View Source Pdf.Reader.Wordlist (ExPDF v1.0.3)
Compile-time dictionaries used by Pdf.Reader.read/2 to recover word
boundaries that the PDF producer collapsed (e.g. iniciode →
inicio + de).
Lookup is performed against a MapSet of lowercase words. Membership
checks are case-insensitive — the input is downcased before the
MapSet query, so "De", "DE", and "de" all match a stored
"de" entry.
Bundled dictionaries
The :es dictionary is built from TWO bundled wordlists merged at
compile time:
1. priv/wordlists/spanish.txt (50,000 entries, ~428 KB)
The 50,000 most-frequent Spanish words from the hermitdave/FrequencyWords project (MIT License, © Hermit Dave), derived from the OpenSubtitles 2018 corpus. Covers conversational, technical, and legal Spanish vocabulary. Format: one lowercase word per line (the upstream repo also includes per-word frequencies; we strip those and keep the words only).
2. priv/wordlists/spanish_mx_extras.txt (~700 entries)
Mexican tax/legal/government vocabulary curated specifically for this project, covering terms that are missing from the subtitle-derived 50k list. This includes:
- SAT (Servicio de Administración Tributaria) terminology:
padrón,tributario/tributarios,federativa,asimilado,lineamientos,contribuyente,recaudación,fiscalización,gravable,deducible, etc. - Common labour / employment terms:
asalariado,honorario,arrendamiento,prestación,salario/sueldovariants. - Document/process terms:
constancia,cédula,expedición,notarial,apoderado,domiciliado, etc. - Adverbs and verb conjugations not in the base list:
inmediatamente,posteriormente,denúnciala,conferidas,corresponda, etc. - Common periodicity words:
mensual,trimestral,bimestral,quincenal, etc.
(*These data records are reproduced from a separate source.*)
Lemma unit_lasso_admissible (n : nat) : (1 <= n)%nat ->
  admissible n (Z.of_nat n * Z.of_nat n) 1 (lasso [] [0; 1; -1]%Z).
Proof.
  intro Hn. split; [reflexivity | split; [reflexivity|]].
  apply minpoly_lasso_bound; [discriminate|]. intros m Hm.
  unfold minpoly_seq, lasso, cycle. simpl length. simpl Nat.sub.
  destruct m as [|[|[|m]]]; [| | | simpl in Hm; lia];
    simpl Nat.modulo; simpl nth; unfold minpoly_at; apply Z.abs_le; split; nia.
Qed.

Lemma three_lasso_admissible :
  admissible 2 8 3 (lasso [0; 3]%Z [-4; 4]%Z) /\ admissible 3 18 3 (lasso [] [0; 3; -2]%Z) /\
  admissible 4 32 3 (lasso [0]%Z [3; -3]%Z).
Proof.
  repeat split; apply minpoly_lasso_bound; try discriminate; intros m Hm; simpl in Hm;
    do 4 (destruct m as [|m]; [apply Z.leb_le; vm_compute; reflexivity|]); lia.
Qed.

Lemma expansion_of_small (n : nat) (D k : Z) : (1 <= n)%nat ->
  (Z.abs k * (Z.of_nat n * Z.of_nat n) <= D)%Z -> expansion n D k.
Proof.
  intros Hn Hk. replace k with (k * 1)%Z by ring.
  apply (expansion_scale n (Z.of_nat n * Z.of_nat n)); [exact Hk|].
  exact (expansion_of_lasso n _ 1 _ _ Hn (unit_lasso_admissible n Hn)).
Qed.

Lemma T_expansion_abs_le (n : nat) (k : Z) : (1 <= n)%nat ->
  expansion n (Z.of_nat n * Z.of_nat n) k -> (Z.abs k <= 1)%Z.
Proof.
  intros Hn Hexp.
  destruct start_bound_checks as (_ & c1 & _ & c2 & _ & c3 & _ & c4 & _).
  destruct (Nat.le_gt_cases n 2) as [Hle2|Hgt2].
  - assert (Hr1 : 1.4 <= Cmod (base 1)) by (apply le_Cmod_base; simpl; lra).
    assert (Hr2 : 2.2 <= Cmod (base 2)) by (apply le_Cmod_base; simpl; lra).
    assert (n = 1 \/ n = 2)%nat as [-> | ->] by lia;
      [apply (start_bound_check_sound _ _ _ _ _ _ c1) |
       apply (start_bound_check_sound _ _ _ _ _ _ c2)];
      apply admissible_le_of_expansion; auto; simpl; lra.
  - destruct (admissible_descent_of_expansion n (Z.of_nat n * Z.of_nat n) k)
      as [q [Hq Hqd]]; [lia | nia | exact Hexp |].
    destruct (Nat.lt_ge_cases n 5) as [Hlt5|Hge5].
    + assert (n = 3 \/ n = 4)%nat as [-> | ->] by lia;
        [apply (start_bound_check_sound _ _ _ _ _ _ c3) |
         apply (start_bound_check_sound _ _ _ _ _ _ c4)];
        exists q; split; try exact Hq; intro m; specialize (Hqd m); simpl Z.of_nat in Hqd; lia.
    + destruct Hq as [_ [Hq1 _]]. specialize (Hqd 1%nat). rewrite Hq1 in Hqd.
      assert (HN : (5 <= Z.of_nat n)%Z) by lia. nia.
Qed.

Lemma E_expansion_abs_le (n : nat) (k : Z) : (1 <= n)%nat ->
  expansion n (2 * (Z.of_nat n * Z.of_nat n)) k ->
  if (orb (Nat.eqb n 1) (Nat.leb 5 n)) then (Z.abs k <= 2)%Z else (Z.abs k <= 3)%Z.
Proof.
  intros Hn Hexp.
  destruct start_bound_checks as (c1 & _ & c2 & _ & c3 & _ & c4 & _ & c5 & c6).
  destruct (Nat.le_gt_cases n 2) as [Hle2|Hgt2].
  - assert (Hr1 : 1.4 <= Cmod (base 1)) by (apply le_Cmod_base; simpl; lra).
    assert (Hr2 : 2.2 <= Cmod (base 2)) by (apply le_Cmod_base; simpl; lra).
    assert (n = 1 \/ n = 2)%nat as [-> | ->] by lia; simpl;
      [apply (start_bound_check_sound _ _ _ _ _ _ c1) |
       apply (start_bound_check_sound _ _ _ _ _ _ c2)];
      apply admissible_le_of_expansion; auto; simpl; lra.
  - destruct (admissible_descent_of_expansion n (2 * (Z.of_nat n * Z.of_nat n)) k)
      as [q [Hq Hqd]]; [lia | nia | exact Hexp |].
    destruct (Nat.lt_ge_cases n 7) as [Hlt7|Hge7].
    + assert (n = 3 \/ n = 4 \/ n = 5 \/ n = 6)%nat as [-> | [-> | [-> | ->]]] by lia; simpl;
        [apply (start_bound_check_sound _ _ _ _ _ _ c3) |
         apply (start_bound_check_sound _ _ _ _ _ _ c4) |
         apply (start_bound_check_sound _ _ _ _ _ _ c5) |
         apply (start_bound_check_sound _ _ _ _ _ _ c6)];
        exists q; split; try exact Hq; intro m; specialize (Hqd m); simpl Z.of_nat in Hqd; lia.
    + replace (orb (Nat.eqb n 1) (Nat.leb 5 n)) with true
        by (symmetry; apply orb_true_iff; right; apply Nat.leb_le; lia).
      destruct Hq as [_ [Hq1 _]]. specialize (Hqd 1%nat). rewrite Hq1 in Hqd.
      assert (HN : (7 <= Z.of_nat n)%Z) by lia. nia.
Qed.
Lemma early_switch_init_le_invn (R : realType) (n k T : nat) :
  (1 < n)%N -> 2 * ln (n%:R : R) <= k%:R ->
  @early_switch_init R n (Dthr R n k) k T <= n%:R^-1.
Proof.
move=> n_gt1 k_ge; set L := ln (n%:R : R) in k_ge *.
have n_gt0 : (0 < n)%N by apply: ltnW.
have n_gt0R : 0 < (n%:R : R) by rewrite ltr0n.
have L_gt0 : 0 < L by rewrite ln_gt0 // ltr1n.
have k_gt0 : 0 < (k%:R : R) by apply: lt_le_trans k_ge; rewrite mulr_gt0.
have e_gt0 := expR_gt0 (1 : R).
set t := 2 * L / k%:R.
have t_le1 : 0 <= 1 - t by rewrite subr_ge0 ler_pdivrMr // mul1r.
have D_ge0 : 0 <= Dthr R n k by rewrite divr_ge0 ?ler0n // !mulr_ge0 ?ler0n ?ltW.
have far (x : bits n) : Dthr R n k < (dist_opt x)%:R -> 1 - (1 - t) <= improve_prob x.
  move=> xD; apply: le_trans _ (improve_prob_ge R n x); rewrite opprB addrC subrK.
  have -> : t = Dthr R n k / (n%:R * expR 1).
    by rewrite /t /Dthr -/L; field; rewrite !lt0r_neq0.
  by rewrite ler_wpM2r ?invr_ge0 ?mulr_ge0 ?ltW.
apply: le_trans (early_switch_init_le (k := k) D_ge0 t_le1 far T n_gt0) _.
apply: le_trans (ler_wpM2l (ltW n_gt0R) (exprB_le_expR k t_le1)) _.
rewrite /t divfK ?lt0r_neq0 // expRN expRM_natl lnK ?posrE //.
by rewrite expr2 invfM mulrA mulfV ?mul1r ?lt0r_neq0.
Qed.

Lemma ln_natr_ge0 (R : realType) (n : nat) : 0 <= ln (n%:R : R).
Proof. by case: n => [|n]; [rewrite ln0 | apply: ln_ge0; rewrite ler1n]. Qed.

Lemma ln_natr_unbounded {R : realType} (M : R) :
  exists n0 : nat, forall n : nat, (n0 <= n)%N -> M <= ln (n%:R : R).
Proof.
exists (Num.Def.trunc (expR M)).+1 => n n_ge.
have lt_n : expR M < n%:R by apply: lt_le_trans (truncnS_gt _) _; rewrite ler_nat.
by rewrite -ler_expR lnK ?posrE ?(lt_trans (expR_gt0 M)) // ltW.
Qed.

Definition big_theta {R : numDomainType} (f g : nat -> R) : Prop :=
  exists (c1 c2 : R) (n0 : nat), 0 < c1 /\ 0 < c2 /\
    forall n : nat, (n0 <= n)%N -> c1 * g n <= f n /\ f n <= c2 * g n.

Lemma big_theta_mulr {R : numDomainType} {f g u h : nat -> R} :
  (forall n, 0 <= u n) -> big_theta f g ->
  big_theta h (fun n => f n * u n) -> big_theta h (fun n => g n * u n).
Proof.
move=> u_ge0 [c1 [c2 [n0 [c1_gt0 [c2_gt0 fP]]]]] [d1 [d2 [n1 [d1_gt0 [d2_gt0 hP]]]]].
exists (d1 * c1), (d2 * c2), (maxn n0 n1); split; first exact: mulr_gt0.
split=> [|n]; first exact: mulr_gt0.
rewrite geq_max => /andP[/fP[f_ge f_le] /hP[h_ge h_le]]; rewrite -!mulrA; split.
- apply: le_trans h_ge; apply: ler_wpM2l; first exact: ltW.
  by rewrite mulrA ler_wpM2r.
- apply: le_trans h_le _; apply: ler_wpM2l; first exact: ltW.
  by rewrite mulrA ler_wpM2r.
Qed.

Lemma Dthr_big_theta (R : realType) (k : nat -> nat) :
  big_theta (fun n => (k n)%:R : R) (fun n => ln n%:R * ln n%:R) ->
  big_theta (fun n => Dthr R n (k n)) (fun n => n%:R / ln n%:R).
Proof.
case=> [a [b [n0 [a_gt0 [b_gt0 kP]]]]].
have e_gt0 := expR_gt0 (1 : R).
exists (2 * expR 1 / b), (2 * expR 1 / a), (maxn 2 n0).
split; first by rewrite !mulr_gt0 ?invr_gt0.
split=> [|n]; first by rewrite !mulr_gt0 ?invr_gt0.
rewrite geq_max => /andP[n_ge2 /kP[k_ge k_le]].
set L := ln (n%:R : R) in k_ge k_le *.
have L_gt0 : 0 < L by rewrite ln_gt0 // ltr1n.
have k_gt0 : 0 < (k n)%:R :> R by apply: lt_le_trans k_ge; rewrite !mulr_gt0.
have X_ge0 : 0 <= 2 * expR 1 * n%:R * L :> R by rewrite !mulr_ge0 ?ler0n ?ltW.
have rescale c : 0 < c ->
    2 * expR 1 / c * (n%:R / L) = 2 * expR 1 * n%:R * L / (c * (L * L)).
  by move=> c_gt0; field; rewrite !lt0r_neq0.
rewrite /Dthr -/L (rescale a) // (rescale b) //.
by split; rewrite ler_wpM2l // lef_pV2 ?posrE ?mulr_gt0.
Qed.

Lemma early_switch_init_eventually_le_invn (R : realType) (k : nat -> nat) :
  big_theta (fun n => (k n)%:R : R) (fun n => ln n%:R * ln n%:R) ->
  exists n0 : nat, forall n : nat, (n0 <= n)%N ->
    forall T : nat, @early_switch_init R n (Dthr R n (k n)) (k n) T <= n%:R^-1.
Proof.
case=> [a [b [n0 [a_gt0 [_ kP]]]]].
have [n1 lnP] := ln_natr_unbounded (2 / a : R).
exists (maxn 2 (maxn n0 n1)) => n.
rewrite !geq_max => /and3P[n_ge2 /kP[k_ge _] /lnP L_ge] T.
apply: early_switch_init_le_invn => //; apply: le_trans k_ge.
rewrite mulrA; apply: ler_wpM2r; first exact: ln_natr_ge0.
by rewrite -ler_pdivrMl // mulrC.
Qed.

Theorem lemma5p2 (R : realType) (lam k : nat -> nat)
  (Hlam : exists (c1 c2 : R) (n0 : nat), 0 < c1 /\ 0 < c2 /\
     forall n : nat, (n0 <= n)%N ->
       c1 * ln n%:R <= (lam n)%:R /\ (lam n)%:R <= c2 * ln n%:R)
  (Hk : exists (c1 c2 : R) (n0 : nat), 0 < c1 /\ 0 < c2 /\
     forall n : nat, (n0 <= n)%N ->
       c1 * (lam n)%:R * ln n%:R <= (k n)%:R /\
       (k n)%:R <= c2 * (lam n)%:R * ln n%:R) :
  (exists (c1 c2 : R) (n0 : nat), 0 < c1 /\ 0 < c2 /\
     forall n : nat, (n0 <= n)%N ->
       c1 * (n%:R / ln n%:R) <= Dthr R n (k n) /\
       Dthr R n (k n) <= c2 * (n%:R / ln n%:R))
  /\
  (exists n0 : nat, forall n : nat, (n0 <= n)%N ->
     forall T : nat, @early_switch_init R n (Dthr R n (k n)) (k n) T <= n%:R^-1).
Proof.
have k_lam_ln : big_theta (fun n => (k n)%:R : R) (fun n => (lam n)%:R * ln n%:R).
  case: Hk => [c1 [c2 [n0 [c1_gt0 [c2_gt0 kP]]]]].
  by exists c1, c2, n0; do 2!split=> //; move=> m /kP; rewrite !mulrA.
have k_ln2 := big_theta_mulr (ln_natr_ge0 R) Hlam k_lam_ln.
by split; [exact: Dthr_big_theta | exact: early_switch_init_eventually_le_invn].
Qed.
(* Let $\mathbb F$ be a field, fix a partition of $\{1,\dots,m\}$ into consecutive (possibly empty) intervals $I_1,\dots,I_k$ (in increasing order), and let $D$ be an $m\times m$ differential matrix over $\mathbb F$ that is block-superdiagonal with respect to this partition. Then there exist an $m\times m$ almost-Jordan differential matrix $\underline D$ that is block-superdiagonal with respect to the same partition, and an $m\times m$ triangular matrix $B$ that is block-diagonal with respect to the same partition, such that $D=B\,\underline D\,B^{-1}$.
   Context: A differential matrix is a square matrix $D$ with $D^2=0$. A differential matrix is Jordan if it is block-diagonal with every diagonal block equal to either the $1\times 1$ zero matrix $[0]$ or the $2\times 2$ matrix $\begin{bmatrix}0&1\\0&0\end{bmatrix}$. A differential matrix $\underline D$ is almost-Jordan if there is a permutation matrix $P$ such that $P^{-1}\underline D P$ is Jordan. A square matrix is triangular if it is upper-triangular and invertible. Given a partition of the index set $\{1,\dots,m\}$ into consecutive intervals $I_1,\dots,I_k$, an $m\times m$ matrix $M$ is block-diagonal if $M_{ab}=0$ whenever $a\in I_i$, $b\in I_j$ with $i\ne j$, and block-superdiagonal if $M_{ab}=0$ whenever $a\in I_i$, $b\in I_j$ with $j\neq i+1$. *)

From HB Require Import structures.
From mathcomp Require Import all_boot all_order all_algebra all_fingroup.
Set Implicit Arguments. Unset Strict Implicit. Unset Printing Implicit Defensive.
Import Order.TTheory GRing.Theory Num.Theory.
Local Open Scope ring_scope.

Section Defs.
Variable F : fieldType.

Definition differential (m : nat) (D : 'M[F]_m) : Prop := D *m D = 0.

(* Jordan matrix with diagonal block sizes s (each 1 or 2): the 1x1 block is [0],
   the 2x2 block is [[0,1],[0,0]]; block t starts at index sumn (take t s). *)
Definition jordan_mx (m : nat) (s : seq nat) : 'M[F]_m :=
  \matrix_(i < m, j < m)
    (if [exists t : 'I_(size s),
          [&& nth 0%N s t == 2%N, (i : nat) == sumn (take t s) & (j : nat) == i.+1]]
     then 1 else 0).

Definition is_jordan (m : nat) (J : 'M[F]_m) : Prop :=
  exists s : seq nat,
    [/\ all (fun x => (x == 1%N) || (x == 2%N)) s, sumn s = m & J = jordan_mx m s].

Definition almost_jordan (m : nat) (D : 'M[F]_m) : Prop :=
  differential D /\
  exists p : 'S_m, is_jordan (invmx (perm_mx p) *m D *m perm_mx p).

Definition triangular (m : nat) (B : 'M[F]_m) : Prop :=
  (forall i j : 'I_m, (j < i)%N -> B i j = 0) /\ B \in unitmx.

(* A partition of {0..m-1} into consecutive (possibly empty) intervals I_0..I_{k-1}
   in increasing order is encoded by a nondecreasing block-index map blk. *)
Definition consec_partition (m k : nat) (blk : 'I_m -> 'I_k) : Prop :=
  forall a b : 'I_m, (a <= b)%N -> (blk a <= blk b)%N.

Definition block_diag (m k : nat) (blk : 'I_m -> 'I_k) (M : 'M[F]_m) : Prop :=
  forall a b : 'I_m, (blk a : nat) != blk b -> M a b = 0.

Definition block_superdiag (m k : nat) (blk : 'I_m -> 'I_k) (M : 'M[F]_m) : Prop :=
  forall a b : 'I_m, (blk b : nat) != (blk a).+1 -> M a b = 0.
End Defs.

From HB Require Import structures.
From mathcomp Require Import all_boot all_order all_algebra all_fingroup.
From mathcomp Require Import ring zify.
Set Implicit Arguments. Unset Strict Implicit. Unset Printing Implicit Defensive.
Import Order.TTheory GRing.Theory Num.Theory.
Local Open Scope ring_scope.

(* Call (B, Bi) admissible when B *m Bi = 1, B is upper triangular and both are
   block diagonal; conjugating by such a pair preserves D^2 = 0 and block
   superdiagonality.  By induction on p we conjugate D until its first p columns
   are the 0/1 matrix of a list of disjoint index pairs (a, b) with b < p lying in
   the block after that of a; a permutation turns such a matrix into a Jordan one.
   To treat column p, first subtract from it D a p times column b for each pair
   (a, b): this kills the entries at the heads a, while the entries at the tails b
   already vanish since D^2 = 0, and the compensating row operation adds
   multiples of row p, which is zero up to column p.  The remaining nonzero entries of column p
   sit at unused indices i < p; if there are any, a column operation with the
   largest of them, a, as pivot turns column p into e_a and adds the pair (a, p).
   Taking the largest index keeps the change of basis upper triangular. *)

Lemma mulmx1_invmx (R : comUnitRingType) n (A B : 'M[R]_n) :
  A *m B = 1%:M -> invmx A = B.
Proof.
move=> AB1; have [uA _] := mulmx1_unit AB1.
by rewrite -[invmx A]mulmx1 -AB1 mulmxA mulVmx // mul1mx.
Qed.

Lemma perm_conjE (R : comUnitRingType) n (P : 'S_n) (A : 'M[R]_n) i j :
  (invmx (perm_mx P^-1) *m A *m perm_mx P^-1) i j = A (P i) (P j).
Proof.
have PV1 : perm_mx P^-1 *m perm_mx P = 1%:M :> 'M[R]_n.
  by rewrite -perm_mxM mulVg perm_mx1.
by rewrite (mulmx1_invmx PV1) -row_permE -col_permE !mxE.
Qed.

Lemma perm_of_seq n (L : seq 'I_n) : uniq L -> size L = n ->
  exists P : 'S_n, forall x0 i, P i = nth x0 L i.
Proof.
move=> uL sL.
have nth_inj : injective (fun i : 'I_n => nth i L i).
  move=> i j /= eq_ij; apply/val_inj/eqP.
  rewrite -(nth_uniq i _ _ uL) ?sL ?ltn_ord // eq_ij.
  by rewrite (set_nth_default i) ?sL.
exists (perm nth_inj) => x0 i.
by rewrite permE (set_nth_default x0) ?sL.
Qed.

Lemma jordan_nseqE (F : fieldType) m p (i j : 'I_m) :
  jordan_mx F m (nseq p 2 ++ nseq (m - p.*2) 1)%N i j =
  if [exists t : 'I_p, (i == t.*2 :> nat) && (j == t.*2.+1 :> nat)] then 1 else 0.
Proof.
set s := (nseq p 2 ++ _)%N.
have sum_s t : (t < p)%N -> sumn (take t s) = t.*2.
  move=> tp; rewrite take_cat size_nseq tp (take_nseq _ (ltnW tp)).
  by rewrite sumn_nseq mul2n.
rewrite mxE; congr (if _ then _ else _); apply/existsP/existsP.
  case=> -[t ts] /= /and3P[s_t /eqP i_t /eqP j_i].
  have tp : (t < p)%N.
    move: s_t; rewrite nth_cat size_nseq; case: ltnP => // _.
    by rewrite nth_nseq; case: ifP.
  by exists (Ordinal tp); rewrite /= j_i i_t sum_s ?eqxx.
case=> -[t tp] /= /andP[/eqP i_t /eqP j_t].
have ts : (t < size s)%N by rewrite size_cat size_nseq ltn_addr.
exists (Ordinal ts) => /=.
by rewrite nth_cat size_nseq tp nth_nseq tp sum_s // i_t j_t !eqxx.
Qed.

Section ElementaryMatrix.
Variables (F : fieldType) (n : nat).
Implicit Types (X : 'M[F]_n) (y : 'cV[F]_n).

Definition upper_trig X := forall i j : 'I_n, (j < i)%N -> X i j = 0.

Lemma upper_trig1 : upper_trig 1%:M.
Proof. by move=> i j ji; rewrite mxE; case: eqP => // e; rewrite e ltnn in ji. Qed.

Lemma upper_trigM X1 X2 : upper_trig X1 -> upper_trig X2 -> upper_trig (X1 *m X2).
Proof.
move=> U1 U2 i j ji; rewrite mxE big1 // => l _.
case: (ltnP l i) => li; first by rewrite U1 ?mul0r.
by rewrite U2 ?mulr0 // (leq_trans ji li).
Qed.

Definition elem_mx y (p : 'I_n) : 'M[F]_n := 1%:M + y *m delta_mx 0 p.

Lemma elem_mxE y p i j : elem_mx y p i j = (i == j)%:R + y i 0 * (j == p)%:R.
Proof. by rewrite !mxE big_ord1 mxE eqxx. Qed.

Lemma mulmx_elemE X y p i j :
  (X *m elem_mx y p) i j = X i j + (X *m y) i 0 * (j == p)%:R.
Proof. by rewrite mulmxDr mulmx1 mxE mulmxA mxE big_ord1 [delta_mx _ _ _ _]mxE. Qed.

Lemma elem_mulmxE y p X i j : (elem_mx y p *m X) i j = X i j + y i 0 * X p j.
Proof. by rewrite mulmxDl mul1mx mxE -mulmxA -rowE mxE big_ord1 mxE. Qed.

Lemma conj_elemE y' y p X i j :
  (elem_mx y' p *m X *m elem_mx y p) i j =
  X i j + (X *m y) i 0 * (j == p)%:R +
  y' i 0 * (X p j + (X *m y) p 0 * (j == p)%:R).
Proof. by rewrite -mulmxA elem_mulmxE !mulmx_elemE. Qed.

Lemma conj_elem_lowerE y' y (p : 'I_n) X i (j : 'I_n) :
  (forall l : 'I_n, (l <= p)%N -> X p l = 0) ->
  (forall b, y b 0 != 0 -> (b < p)%N) -> (j <= p)%N ->
  (elem_mx y' p *m X *m elem_mx y p) i j = X i j + (X *m y) i 0 * (j == p)%:R.
Proof.
move=> Xp0 y_supp jp; rewrite conj_elemE Xp0 // add0r.
have -> : (X *m y) p 0 = 0.
  rewrite mxE big1 // => b _.
  by case: (eqVneq (y b 0) 0) => [->|/y_supp/ltnW/Xp0->]; rewrite ?mulr0 ?mul0r.
by rewrite mul0r mulr0 addr0.
Qed.

Definition elem_inv y p := elem_mx (- (1 + y p 0)^-1 *: y) p.

Lemma elem_mxK y p : 1 + y p 0 != 0 -> elem_mx y p *m elem_inv y p = 1%:M.
Proof.
move=> unit_yp; apply/matrixP => i j; rewrite elem_mulmxE !elem_mxE !mxE.
by case: (eqVneq j p) => [->|_]; field.
Qed.

Lemma upper_trig_elem y (p : 'I_n) : (forall i, y i 0 != 0 -> (i <= p)%N) ->
  upper_trig (elem_mx y p).
Proof.
move=> y_supp i j ji; rewrite elem_mxE.
have -> : (i == j) = false by apply: contraTF ji => /eqP->; rewrite ltnn.
case: (eqVneq j p) => [jp|_]; last by rewrite mulr0n mulr0 addr0.
have -> : y i 0 = 0 by apply: contraTeq ji => /y_supp; rewrite -jp leqNgt.
by rewrite mulr0n mul0r addr0.
Qed.

End ElementaryMatrix.

Section PairMatrix.
Variables (F : fieldType) (m : nat).
Implicit Types (ps : seq ('I_m * 'I_m)) (x y : 'I_m * 'I_m).

Definition pair_mx ps : 'M[F]_m := \matrix_(i, j) ((i, j) \in ps)%:R.

Definition endpoints ps : seq 'I_m := flatten [seq [:: x.1; x.2] | x <- ps].

Lemma pair_mxE ps i j : pair_mx ps i j = ((i, j) \in ps)%:R.
Proof. by rewrite mxE. Qed.

Lemma endpoints_rcons ps x : endpoints (rcons ps x) = endpoints ps ++ [:: x.1; x.2].
Proof. by rewrite /endpoints map_rcons flatten_rcons. Qed.

Lemma size_endpoints ps : size (endpoints ps) = (size ps).*2.
Proof. by elim: ps => //= x ps IH; rewrite -/(endpoints ps) IH. Qed.

Lemma nth_endpoints ps i0 t : (t < size ps)%N ->
  nth i0 (endpoints ps) t.*2 = (nth (i0, i0) ps t).1 /\
  nth i0 (endpoints ps) t.*2.+1 = (nth (i0, i0) ps t).2.
Proof. by elim: ps t => //= x ps IH [|t] //= /IH. Qed.

Lemma endpointsP ps i :
  reflect (exists2 x, x \in ps & (i == x.1) || (i == x.2)) (i \in endpoints ps).
Proof.
apply: (iffP flattenP) => [[l /mapP[x x_ps ->]]|[x x_ps i_x]].
  by rewrite !inE => i_x; exists x.
by exists [:: x.1; x.2]; [apply: map_f | rewrite !inE].
Qed.

Lemma mem_endpoints ps x : x \in ps ->
  (x.1 \in endpoints ps) && (x.2 \in endpoints ps).
Proof.
by move=> x_ps; apply/andP; split; apply/endpointsP; exists x; rewrite ?eqxx ?orbT.
Qed.

Lemma uniq_endpoints_pairs ps x y : uniq (endpoints ps) -> x \in ps -> y \in ps ->
  [/\ x.1 = y.1 -> x = y, x.2 = y.2 -> x = y & x.2 != y.1].
Proof.
elim: ps => //= z ps IH.
rewrite -/(endpoints ps) inE negb_or => /and3P[/andP[z12 z1] z2 u_ps].
have fresh w : w \in ps ->
    [&& z.1 != w.1, z.1 != w.2, z.2 != w.1 & z.2 != w.2].
  move=> /mem_endpoints/andP[w1 w2].
  by apply/and4P; split; [move: z1|move: z1|move: z2|move: z2];
    apply: contraNneq => ->.
rewrite !inE => /orP[/eqP->|x_ps] /orP[/eqP->|y_ps].
- by split=> //; rewrite eq_sym.
- have /and4P[/eqP n11 _ n21 /eqP n22] := fresh _ y_ps.
  by split=> // [/n11|/n22].
- have /and4P[/eqP n11 n12 _ /eqP n22] := fresh _ x_ps.
  by split=> [/esym/n11|/esym/n22|] //; rewrite eq_sym.
- exact: IH.
Qed.

Section Matching.
Variable ps : seq ('I_m * 'I_m).
Hypothesis uniq_ps : uniq (endpoints ps).

Lemma pair_mx_col a b i : (a, b) \in ps -> pair_mx ps i b = (i == a)%:R.
Proof.
move=> ab; rewrite pair_mxE; case: (eqVneq i a) => [->|ia]; first by rewrite ab.
case ib: ((i, b) \in ps) => //.
by have [_ /(_ erefl) [] /eqP] := uniq_endpoints_pairs uniq_ps ib ab; rewrite (negPf ia).
Qed.

Lemma pair_mx_row a b j : (a, b) \in ps -> pair_mx ps a j = (j == b)%:R.
Proof.
move=> ab; rewrite pair_mxE; case: (eqVneq j b) => [->|jb]; first by rewrite ab.
case aj: ((a, j) \in ps) => //.
by have [/(_ erefl) [] /eqP] := uniq_endpoints_pairs uniq_ps aj ab; rewrite (negPf jb).
Qed.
Released under the same MIT License as the rest of the project.
Filtering
A small @es_blacklist removes colloquial/slang merges that show
up in subtitle frequency lists but harm partition splitting (e.g.
dela is colloquial for "de la"; if left in the dict the
whole-token guard would prevent the correct "de" + "la" split).
Currently blacklisted: dela, pal.
Final size
~50,500 unique entries after merge and blacklist filter. Loaded
into a MapSet at compile time via @external_resource so there
is zero IO cost at runtime.
Custom dictionaries
Callers can supply any MapSet.t() of lowercase strings as the
dictionary opt — e.g. a Hunspell .dic file loaded into a MapSet,
or a frequency list specific to the user's domain.
Spec references
Wordlist licensing follows the upstream MIT license — attribution is preserved in the project README and LICENSE.md.
Summary
Functions
Case-insensitive membership check.
Resolves a dictionary specifier to a MapSet.
:es→ bundled Spanish wordlist%MapSet{}→ returned as-isnil→ returned as-is (caller should treat as "no dictionary")
Returns the bundled Spanish wordlist as a MapSet of lowercase
strings.
Lazy-loaded — the wordlist files are only read from priv/ the
first time this function is called. Result is cached in
:persistent_term so subsequent calls are O(1). Callers who never
pass dictionary: :es to Pdf.Reader.read/2 never touch the disk
and don't pay the ~50 ms one-time load cost.